Lemma mul_2mx_inv N : eqmodX N ((2 - 'X) * fps_trunc N inv_2mx) 1.
Proof.
move=> j ltjN; rewrite mulrBl coefB mulr_natl coefMn coefXM coef1 coef_fps_trunc //.
case: j ltjN => [|j] ltjN /=; rewrite /inv_2mx.
  by rewrite subr0; field.
by rewrite coef_fps_trunc 1?ltnW // exprS; field; rewrite expf_neq0 ?two_neq0.
Qed.

Lemma coef_inv_2mx_exp N s n : (n < N)%N ->
  (fps_trunc N inv_2mx ^+ s)`_n = 'C(n + s - 1, n)%:R / 2 ^+ (n + s).
Proof.
elim: s n => [|s IH] n ltnN.
  rewrite expr0 coef1 addn0; case: n ltnN => [|n] _; first by rewrite expr0 invr1 mulr1.
  by rewrite bin_small ?mul0r //; lia.
rewrite exprSr coefM.
transitivity (\sum_(j < n.+1) 'C(j + s - 1, j)%:R / (2 : K) ^+ (n + s.+1)).
  apply: eq_bigr => -[j ltjn] _ /=.
  rewrite IH ?coef_fps_trunc; [|lia|lia].
  by rewrite -mulrA -invfM -exprD (_ : j + s + (n - j).+1 = n + s.+1)%N //; lia.
by rewrite -mulr_suml -natr_sum hockey_stick; congr (_%:R / _); congr 'C(_, _); lia.
Qed.

(* [phi e] is 2^(2k+1) x^e / (2 - x)^(2k+1+e). *)
Definition phi e : fps K :=
  fun j => if (e <= j)%N then 'C(j + 2 * k, j - e)%:R / 2 ^+ j else 0.

Lemma phi_lt e j : (j < e)%N -> phi e j = 0.
Proof. by move=> ltje; rewrite /phi leqNgt ltje. Qed.

Lemma phi_diag e : phi e e != 0.
Proof. by rewrite /phi leqnn subnn bin0 mul1r invr_eq0 expf_neq0 ?two_neq0. Qed.

Lemma mul_2mx_phi N e : eqmodX N ((2 - 'X) ^+ (2 * k + 1 + e) * fps_trunc N (phi e))
                                  ((2 ^+ (2 * k + 1))%:P * 'X^e).
Proof.
set s := (2 * k + 1 + e)%N; set c : K := 2 ^+ (2 * k + 1).
have Phi : eqmodX N (fps_trunc N (phi e)) (c%:P * 'X^e * fps_trunc N inv_2mx ^+ s).
  move=> j ltjN; rewrite coef_fps_trunc // -mulrA coefCM coefXnM /phi.
  case: leqP => leej; last by rewrite mulr0.
  rewrite coef_inv_2mx_exp; last by lia.
  rewrite /s /c; have -> : (j - e + (2 * k + 1 + e) - 1 = j + 2 * k)%N by lia.
  have -> : (j - e + (2 * k + 1 + e) = j + (2 * k + 1))%N by lia.
  by rewrite [2 ^+ (j + _)]exprD; field; rewrite !expf_neq0 ?two_neq0.
apply: eqmodX_trans (eqmodXM eqmodX_refl Phi) _.
rewrite mulrCA -exprMn.
apply: eqmodX_trans (eqmodXM eqmodX_refl (eqmodXX s (mul_2mx_inv N))) (eqmodX_eq _).
by rewrite expr1n mulr1.
Qed.

Lemma mul_1mx_xdiv N : eqmodX N ((1 - 'X) * fps_trunc N (fps_xdiv K)) (- 'X).
Proof.
move=> j ltjN; rewrite mulrBl mul1r coefB coefXM coefN coefX coef_fps_trunc //.
case: j ltjN => [|[|j]] ltjN /=; first by rewrite subr0 oppr0.
  by rewrite coef_fps_trunc ?subr0 //; lia.
by rewrite coef_fps_trunc ?subrr ?oppr0 //; lia.
Qed.

Lemma mul_2mx_comp_phi N e : ~~ odd e ->
  eqmodX N ((2 - 'X) ^+ (2 * k + 1 + e) * (fps_trunc N (phi e) \Po fps_trunc N (fps_xdiv K)))
           ((2 ^+ (2 * k + 1))%:P * ((1 - 'X) ^+ (2 * k + 1) * 'X^e)).
Proof.
move=> ev; set r := (2 * k + 1)%N; set s := (r + e)%N; set Psi := fps_trunc N (fps_xdiv K).
have Psi0 : Psi`_0 = 0 by rewrite /Psi /fps_trunc coef_poly if_same.
have T : eqmodX N ((1 - 'X) * ((2 - 'X) \Po Psi)) (2 - 'X).
  rewrite comp_polyB comp_polyX rmorph_nat mulrBr.
  apply: eqmodX_trans (eqmodXB eqmodX_refl (mul_1mx_xdiv N)) (eqmodX_eq _); ring.
apply: eqmodX_trans (eqmodXM (eqmodX_sym (eqmodXX s T)) eqmodX_refl) _.
rewrite exprMn -mulrA -rmorphXn -rmorphM /=.
apply: eqmodX_trans (eqmodXM eqmodX_refl (eqmodX_comp Psi0 Psi0 (mul_2mx_phi N e) eqmodX_refl)) _.
rewrite rmorphM /= comp_polyC comp_Xn_poly.
have -> : (1 - 'X) ^+ s * ((2 ^+ r)%:P * Psi ^+ e) =
          (2 ^+ r)%:P * (1 - 'X) ^+ r * ((1 - 'X) * Psi) ^+ e.
  by rewrite exprMn /s exprD; ring.
apply: eqmodX_trans (eqmodXM eqmodX_refl (eqmodXX e (mul_1mx_xdiv N))) (eqmodX_eq _).
by rewrite exprNn -signr_odd (negbTE ev) expr0 mul1r mulrA.
Qed.
(* Let $e\ge1$ and let $x_0$ be any vertex of $X_{PGL_2(F)}$. The stabiliser $\hat K_{x_0}=\{g\in\hat G^{(e)}: g(x_0)=x_0\}$ acts transitively on the set of ends of $X_{PGL_2(F)}$.
   Context: Let $F$ be a non-archimedean local field with ring of integers $\mathfrak{o}$, uniformizer $\varpi$, and finite residue field of cardinality $q$. $X=X_{PGL_2(F)}$ is the Bruhat–Tits tree of $PGL_2(F)$: its vertices are homothety classes $[L]$ (under $F^\times$) of $\mathfrak{o}$-lattices $L\subset F^2$, and $[L],[L']$ are joined by an edge iff there are representatives with $\varpi L\subsetneq L'\subsetneq L$; it is a $(q+1)$-regular tree. $d$ is the path-length distance on vertices; $\mathrm{Aut}(X)$ is the group of distance-preserving bijections of the vertex set, with the topology of pointwise convergence. $GL_2(F)$ acts on lattices through its linear action on $F^2$, the centre acts trivially, and this gives an embedding $PGL_2(F)\hookrightarrow\mathrm{Aut}(X)$. For an edge $\eta=\{x_1,x_2\}$ and $e\ge1$, $B(\eta,e)=\{y: \min(d(y,x_1),d(y,x_2))\le e\}$. Define $\hat G^{(e)}=\{g\in\mathrm{Aut}(X):\ \text{for every edge }\eta\ \text{there is } g'\in PGL_2(F)\text{ with } g|_{B(\eta,e)}=g'|_{B(\eta,e)}\}$. An end is an equivalence class of infinite paths $(y_i)_{i\in\mathbb{N}}$ (distinct vertices, consecutive ones adjacent), two paths being equivalent if they agree after a shift of index from some point on; automorphisms act on ends. *)

From HB Require Import structures.
From mathcomp Require Import all_boot all_order all_algebra.
Set Implicit Arguments. Unset Strict Implicit. Unset Printing Implicit Defensive.
Import Order.TTheory GRing.Theory Num.Theory.
Local Open Scope ring_scope.

Section BTTree.
Variable F : fieldType.
(* normalized discrete valuation; its value at 0 is irrelevant (never used) *)
Variable v : F -> int.

Definition in_o (x : F) : Prop := x = 0 \/ 0 <= v x.

Definition is_discrete_valuation : Prop :=
  [/\ (forall x y, x != 0 -> y != 0 -> v (x * y) = v x + v y),
      (forall x y, x != 0 -> y != 0 -> x + y != 0 ->
          Num.min (v x) (v y) <= v (x + y)) &
      (exists p : F, p != 0 /\ v p = 1)].

Definition finite_residue_field : Prop :=
  exists s : seq F, (forall r, r \in s -> in_o r) /\
    forall x, in_o x -> exists2 r, r \in s & (x - r = 0 \/ 1 <= v (x - r)).

Definition complete_valuation : Prop :=
  forall a : nat -> F,
    (forall N : nat, exists M : nat, forall m n, (M <= m)%N -> (M <= n)%N ->
        a m - a n = 0 \/ (N%:Z <= v (a m - a n))) ->
    exists l : F, forall N : nat, exists M : nat, forall n, (M <= n)%N ->
        a n - l = 0 \/ (N%:Z <= v (a n - l)).

Definition is_nonarch_local_field : Prop :=
  [/\ is_discrete_valuation, finite_residue_field & complete_valuation].

Definition vec := 'cV[F]_2.

Definition is_lattice (L : vec -> Prop) : Prop :=
  exists B : 'M[F]_2, B \in unitmx /\
    forall w, L w <-> exists c : vec, (forall i, in_o (c i 0)) /\ w = B *m c.

Definition scale_lat (c : F) (L : vec -> Prop) : vec -> Prop :=
  fun w => exists w0, L w0 /\ w = c *: w0.

Definition homothetic (L L' : vec -> Prop) : Prop :=
  exists c : F, c != 0 /\ forall w, L' w <-> scale_lat c L w.

Definition is_vertex (C : (vec -> Prop) -> Prop) : Prop :=
  exists L, is_lattice L /\ forall L', C L' <-> homothetic L L'.

Definition vertex := {C : (vec -> Prop) -> Prop | is_vertex C}.

Definition strict_sub (A B : vec -> Prop) : Prop :=
  (forall w, A w -> B w) /\ exists w, B w /\ ~ A w.

(* adjacency, for a uniformizer p *)
Definition adj (p : F) (x y : vertex) : Prop :=
  exists L L', proj1_sig x L /\ proj1_sig y L' /\
    strict_sub (scale_lat p L) L' /\ strict_sub L' L.

Fixpoint walk (p : F) (x y : vertex) (n : nat) : Prop :=
  match n with
  | 0 => x = y
  | n'.+1 => exists z, adj p x z /\ walk p z y n'
  end.

Definition dist (p : F) (x y : vertex) (n : nat) : Prop :=
  walk p x y n /\ forall m, (m < n)%N -> ~ walk p x y m.

Definition is_aut (p : F) (g : vertex -> vertex) : Prop :=
  bijective g /\ forall x y n, dist p x y n <-> dist p (g x) (g y) n.

Definition in_ball (p : F) (x1 x2 : vertex) (e : nat) (y : vertex) : Prop :=
  exists n, (n <= e)%N /\ (dist p y x1 n \/ dist p y x2 n).

Definition mat_moves (M : 'M[F]_2) (y z : vertex) : Prop :=
  forall L', proj1_sig z L' <->
    exists L, proj1_sig y L /\ forall w, L' w <-> exists w0, L w0 /\ w = M *m w0.

Definition in_Ghat (p : F) (e : nat) (g : vertex -> vertex) : Prop :=
  is_aut p g /\
  forall x1 x2, adj p x1 x2 ->
    exists M : 'M[F]_2, M \in unitmx /\
      forall y, in_ball p x1 x2 e y -> mat_moves M y (g y).

Definition ray (p : F) (r : nat -> vertex) : Prop :=
  injective r /\ forall i, adj p (r i) (r i.+1).

Definition equiv_rays (r1 r2 : nat -> vertex) : Prop :=
  exists a b : nat, forall i, r1 (a + i)%N = r2 (b + i)%N.

End BTTree.

(* Already the stabiliser of [x0] in PGL_2(F), which lies in every
   \hat G^(e), is transitive; conjugating by a matrix carrying the standard
   vertex [[o^2]] to [x0] we may take [x0 = [o^2]].  For a primitive vector [a]
   of [o^2] the lattices [towards a n = o a + p^n o^2] trace the ray from
   [[o^2]] to the end given by the line [F a].  Every vertex is of the form
   [[towards a n]] (normal form), and the neighbours of [[towards a n]] are the
   [[towards w (n+1)]] with [w = a mod p^n] and, when [n > 0], [[towards a (n-1)]].
   Along a ray, representations chosen step by step eventually only step
   outwards, so their vectors form a Cauchy sequence; by completeness of [F]
   they converge to a primitive [u] with a tail of the ray equal to
   [[towards u (N0 + k)]].  Finally the stabiliser of [o^2] maps any primitive
   [u1] to any primitive [u2], hence [towards u1 n] to [towards u2 n]. *)

From Stdlib Require Import FunctionalExtensionality PropExtensionality ProofIrrelevance.
From Stdlib Require Import Classical ClassicalEpsilon Arith.Wf_nat.
From HB Require Import structures.
From mathcomp Require Import all_boot all_order all_algebra.
From mathcomp Require Import zify ring.
Import Order.TTheory GRing.Theory Num.Theory.
Local Open Scope ring_scope.
Set Implicit Arguments. Unset Strict Implicit.

Lemma predE (T : Type) (A B : T -> Prop) : (forall w, A w <-> B w) -> A = B.
Proof.
by move=> h; apply: functional_extensionality => w; apply: propositional_extensionality.
Qed.

Lemma ex_least (P : nat -> Prop) :
  (exists n, P n) -> exists n, P n /\ forall k, P k -> (n <= k)%N.
Proof.
move=> hP; have dec : forall n, P n \/ ~ P n by move=> n; exact: classic.
have [n [[Pn nmin] _]] := @dec_inh_nat_subset_has_unique_least_element P dec hP.
by exists n; split => // k /nmin /ssrnat.leP.
Qed.

Lemma seq_argmin (T : eqType) (P : pred T) (f : T -> int) (s : seq T) :
  has P s -> exists2 m, m \in s & P m /\ forall y, y \in s -> P y -> f m <= f y.
Proof.
elim: s => [//|x s IH] /=; case: (boolP (P x)) => [Px _|nPx /= /IH [m ms [Pm mmin]]].
  case: (boolP (has P s)) => [/IH [m ms [Pm mmin]]|/hasPn nP].
    case: (lerP (f x) (f m)) => hxm.
      exists x; first exact: mem_head.
      split=> // y; rewrite inE => /orP [/eqP ->|ys] Py //.
      exact: le_trans hxm (mmin y ys Py).
    exists m; first by rewrite inE ms orbT.
    split=> // y; rewrite inE => /orP [/eqP ->|ys] Py; [exact: ltW|exact: mmin].
  exists x; first exact: mem_head.
  split=> // y; rewrite inE => /orP [/eqP ->|/nP]; [by []|by move/negP].
exists m; first by rewrite inE ms orbT.
split=> // y; rewrite inE => /orP [/eqP ->|ys] Py; [by rewrite Py in nPx|exact: mmin].
Qed.

Section BruhatTitsTree.

Variable F : fieldType.
Variable v : F -> int.
Variable p : F.
Hypothesis v_mul : forall x y : F, x != 0 -> y != 0 -> v (x * y) = v x + v y.
Hypothesis v_add : forall x y : F, x != 0 -> y != 0 -> x + y != 0 ->
  Num.min (v x) (v y) <= v (x + y).
Hypothesis p_neq0 : p != 0.
Hypothesis v_p : v p = 1.

Lemma v1 : v 1 = 0.
Proof.
have := v_mul (oner_neq0 F) (oner_neq0 F); rewrite mulr1 => h.
by apply: (@addrI _ (v 1)); rewrite addr0 -h.
Qed.

Lemma vN x : v (- x) = v x.
Proof.
have [->|x0] := eqVneq x 0; first by rewrite oppr0.
have m1 : (-1 : F) != 0 by rewrite oppr_eq0 oner_neq0.
have vm1 : v (-1) = 0 by have := v_mul m1 m1; rewrite mulrNN mulr1 v1; lia.
by rewrite -mulN1r v_mul // vm1 add0r.
Qed.

Lemma vV x : x != 0 -> v x^-1 = - v x.
Proof.
move=> x0; have := v_mul x0 (invr_neq0 x0); rewrite mulfV // v1; lia.
Qed.

Lemma pX_neq0 n : p ^+ n != 0.
Proof. exact: expf_neq0. Qed.

Lemma v_pX n : v (p ^+ n) = n%:Z.
Proof.
elim: n => [|n IH]; first by rewrite expr0 v1.
by rewrite exprS v_mul ?pX_neq0 // IH v_p; lia.
Qed.

Definition divp (n : nat) (x : F) := x = 0 \/ n%:Z <= v x.

Definition unit_o (x : F) := x != 0 /\ v x = 0.

Lemma divp0 n : divp n 0.
Proof. by left. Qed.

Lemma divp_le m n x : (m <= n)%N -> divp n x -> divp m x.
Proof. by move=> hmn [->|h]; [left|right; lia]. Qed.

Lemma divpD n x y : divp n x -> divp n y -> divp n (x + y).
Proof.
have [->|x0] := eqVneq x 0; first by rewrite add0r.
have [->|y0] := eqVneq y 0; first by rewrite addr0.
have [->|s0] := eqVneq (x + y) 0; first by left.
move=> [/eqP|hx]; first by rewrite (negPf x0).
move=> [/eqP|hy]; first by rewrite (negPf y0).
by right; have := v_add x0 y0 s0; rewrite ge_min => /orP [] h; lia.
Qed.

Lemma divpN n x : divp n x -> divp n (- x).
Proof. by move=> [->|h]; [rewrite oppr0; left|right; rewrite vN]. Qed.

Lemma divpB n x y : divp n x -> divp n y -> divp n (x - y).
Proof. by move=> hx /divpN; apply: divpD. Qed.

Lemma divpM m n x y : divp m x -> divp n y -> divp (m + n) (x * y).
Proof.
have [->|x0] := eqVneq x 0; first by rewrite mul0r; left.
have [->|y0] := eqVneq y 0; first by rewrite mulr0; left.
move=> [/eqP|hx]; first by rewrite (negPf x0).
move=> [/eqP|hy]; first by rewrite (negPf y0).
by right; rewrite v_mul //; lia.
Qed.

Lemma divp_pX n : divp n (p ^+ n).
Proof. by right; rewrite v_pX. Qed.

Lemma divp_in_o n x : divp n x -> in_o v x.
Proof. exact: divp_le. Qed.

Lemma divpP n x : divp n x <-> exists2 y, in_o v y & x = p ^+ n * y.
Proof.
split; last by move=> [y hy ->]; have := divpM (divp_pX n) hy; rewrite addn0.
have [->|x0] := eqVneq x 0; first by exists 0; [left|rewrite mulr0].
move=> [/eqP|h]; first by rewrite (negPf x0).
exists (x / p ^+ n); last by rewrite mulrC divfK ?pX_neq0.
by right; rewrite v_mul ?invr_eq0 ?pX_neq0 // vV ?pX_neq0 // v_pX; lia.
Qed.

YOUR ASSIGNMENT:
From the material above, gather all lines that include the string "exprMn" and copy them.

ANSWER BOX:
rewrite mulrCA -exprMn.
rewrite exprMn -mulrA -rmorphXn -rmorphM /=.
  by rewrite exprMn /s exprD; ring.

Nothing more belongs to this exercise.